La revolución mostró el verdadero temple y los objetivos
reales de las distintas clases. Confirmó las ideas bolcheviques sobre la
necesidad de la dirección proletaria en la revolución democrática contra el
régimen autocrático y semifeudal, contraviniendo las ideas mencheviques sobre
la pusilánime burguesía liberal, dispuesta a aferrarse a cualquier espantajo
parlamentario que el zar le ofreciese, como se demostrará en el mes de octubre.
También dio la razón a los bolcheviques, de nuevo contra la opinión
menchevique, en cuanto a que la principal reserva de la revolución la constituía
el campesinado, y en la necesidad de forjar una alianza entre éste y el
proletariado (Lenin, en su lucha contra los mencheviques, lanzará la consigna
de “dictadura democrática del proletariado y el campesinado”). De hecho, una de
las causas del fracaso revolucionario puede hallarse en la falta de
coordinación entre las acciones en las ciudades y en el campo.
La revolución fue de marcado carácter espontáneo y ninguno
de los grupos que se pretendía de la revolución consiguió ponerse a su cabeza.
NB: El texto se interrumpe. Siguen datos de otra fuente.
(* Let $K$ be a number field, let $\alpha,\beta$ be multiplicatively independent positive rational numbers, and let $N$ be a natural number. Let $F\in K[[x^{\mathbb{R}}]]$ be a Hahn series satisfying nontrivial homogeneous equations $\sum_{i=0}^{d_1}P_i(x)F(x^{\alpha^i})=0$ and $\sum_{i=0}^{d_2}Q_i(x)F(x^{\beta^i})=0$ with $P_i,Q_i\in K[x]$, $P_{d_1}\ne0$, $Q_{d_2}\ne0$. Then there is a positive integer $l$ such that $G(x)=F(x^l)$ satisfies $$P(G)\subseteq\bigcap_{|n|,|m|\le N}\mathbb{Z}\big[\alpha^n\beta^m,(\alpha^n\beta^m)^{-1}\big],$$ the intersection being over all integers $n,m$ with $|n|\le N$, $|m|\le N$.
   Context: $K[[x^{\mathbb{R}}]]$ is the field of Hahn series $\sum_{i\in\mathbb{R}} f_ix^i$ ($f_i\in K$) with well-ordered support $P(F)=\{i:f_i\ne0\}$; $F(x^\gamma)=\sum_if_ix^{\gamma i}$. For a positive rational $\gamma$, $\mathbb{Z}[\gamma,\gamma^{-1}]$ is the subring of $\mathbb{Q}$ generated by $\gamma$ and $\gamma^{-1}$. Positive reals $\alpha,\beta$ are multiplicatively independent if $\log\alpha/\log\beta\notin\mathbb{Q}$. *)

From HB Require Import structures.
From mathcomp Require Import all_boot all_order all_algebra all_field.
From mathcomp Require Import all_classical all_reals all_analysis.
Set Implicit Arguments. Unset Strict Implicit. Unset Printing Implicit Defensive.
Import Order.TTheory GRing.Theory Num.Theory.
Local Open Scope ring_scope.
Local Open Scope classical_set_scope.

(* A Hahn series in K[[x^R]] is represented by its coefficient function
   f : R -> K (f i = coefficient of x^i) together with the condition that
   its support is well-ordered. *)
Definition hahn_support (R : realType) (K : fieldType) (f : R -> K) : set R :=
  [set i | f i != 0].

Definition well_ordered_set (R : realType) (S : set R) : Prop :=
  forall A : set R, A `<=` S -> A !=set0 ->
    exists2 a, A a & forall b, A b -> a <= b.

Definition is_hahn (R : realType) (K : fieldType) (f : R -> K) : Prop :=
  well_ordered_set (hahn_support f).

(* F(x^g) = sum_i f_i x^(g i): its coefficient at j is f (j / g) (g > 0). *)
Definition hahn_subst (R : realType) (K : fieldType) (f : R -> K) (g : R) : R -> K :=
  fun j => f (j / g).

Definition hahn_polymul (R : realType) (K : fieldType) (p : {poly K}) (f : R -> K) : R -> K :=
  fun j => \sum_(k < size p) p`_k * f (j - k%:R).

Definition mahler_eq (R : realType) (K : fieldType) (P : nat -> {poly K}) (d : nat)
  (g : R) (f : R -> K) : Prop :=
  forall j : R, \sum_(i < d.+1) hahn_polymul (P i) (hahn_subst f (g ^+ i)) j = 0.

Definition mult_indep (R : realType) (a b : R) : Prop :=
  ~ exists q : rat, ln a / ln b = ratr q.

(* q belongs to Z[g, g^-1], the subring of Q generated by g and g^-1
   (integer Laurent polynomials in g). *)
Definition in_Zlaurent (g q : rat) : Prop :=
  exists s : seq (int * int), q = \sum_(p <- s) (p.1)%:~R * g ^ p.2.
Los social-revolucionarios se enfrascaron en una campaña de atentados
individuales que, a pesar de algunos éxitos como la eliminación del gobernador
general de Moscú, en julio, no consiguió enlazar con el movimiento espontáneo
de masas. Los mencheviques, por su parte, se mantuvieron a la zaga de la
burguesía liberal.
Los bolcheviques, a pesar de no poder trepar hasta la cabeza
del movimiento revolucionario, recibieron una importante experiencia en el
trabajo de masas y en la acción política a gran escala que, junto a los enormes
pasos dados ya en la constitución del partido y el consiguiente deslindamiento
ideológico, les permitirían convertirse en dirección del movimiento
revolucionario doce años más tarde.
En mayo, el movimiento huelguístico se reactivó de forma
ampliada. Por doquier, la multitud de huelgas dispersas de carácter económico
se convertían o entrelazaban con grandes huelgas de masas de marcado signo
político, a las que se sumaba el estudiantado radical. La inquietud se comenzó
a extender por el campo, lo que inevitablemente afectó al ejército (compuesto
en su inmensa mayoría por campesinos), produciéndose numerosos motines, desde
Vladivostok a Varsovia, el más célebre y legendario de los cuales fue la
sublevación en junio de la tripulación del acorazado Potemkin, de la flota del
Mar Negro. Además, por estas fechas también, tuvo lugar un acontecimiento
fundamental para el curso de la revolución y que acabaría suponiendo un hito en
el desarrollo revolucionario de nuestra clase: la constitución del primer
soviet de obreros en la gran fábrica de Ivánov-Voznesiensk, a unos 200
kilómetros al noreste de Moscú. Este órgano, instituido para representar a los
obreros en sus reivindicaciones económicas, adquirirá muy pronto funciones
políticas.
El zar, que tras los sucesos del “Domingo Sangriento” había
permanecido impasible, empezó a preocuparse y, en agosto, el ministro del
interior, Buliguin, publicó las normas destinadas a regir una especie de
parlamento o Duma. No obstante, las atribuciones de esta Duma eran tan
reducidas (se la limitaba a mero órgano consultivo de las leyes que el gobierno
se dignara a presentarle), y su constitución tan restrictiva (en la práctica
sólo permitía la participación de un limitado número de grandes terratenientes
y capitalistas), que en pleno ascenso del movimiento revolucionario, pocas
fuerzas opositoras se tragaron el anzuelo. Los revolucionarios, con los
bolcheviques a la cabeza, declararon el boicot a este señuelo y la "Duma
de Buliguin” fue barrida por la vitalidad de los acontecimientos sin ni
siquiera tener la oportunidad de reunirse.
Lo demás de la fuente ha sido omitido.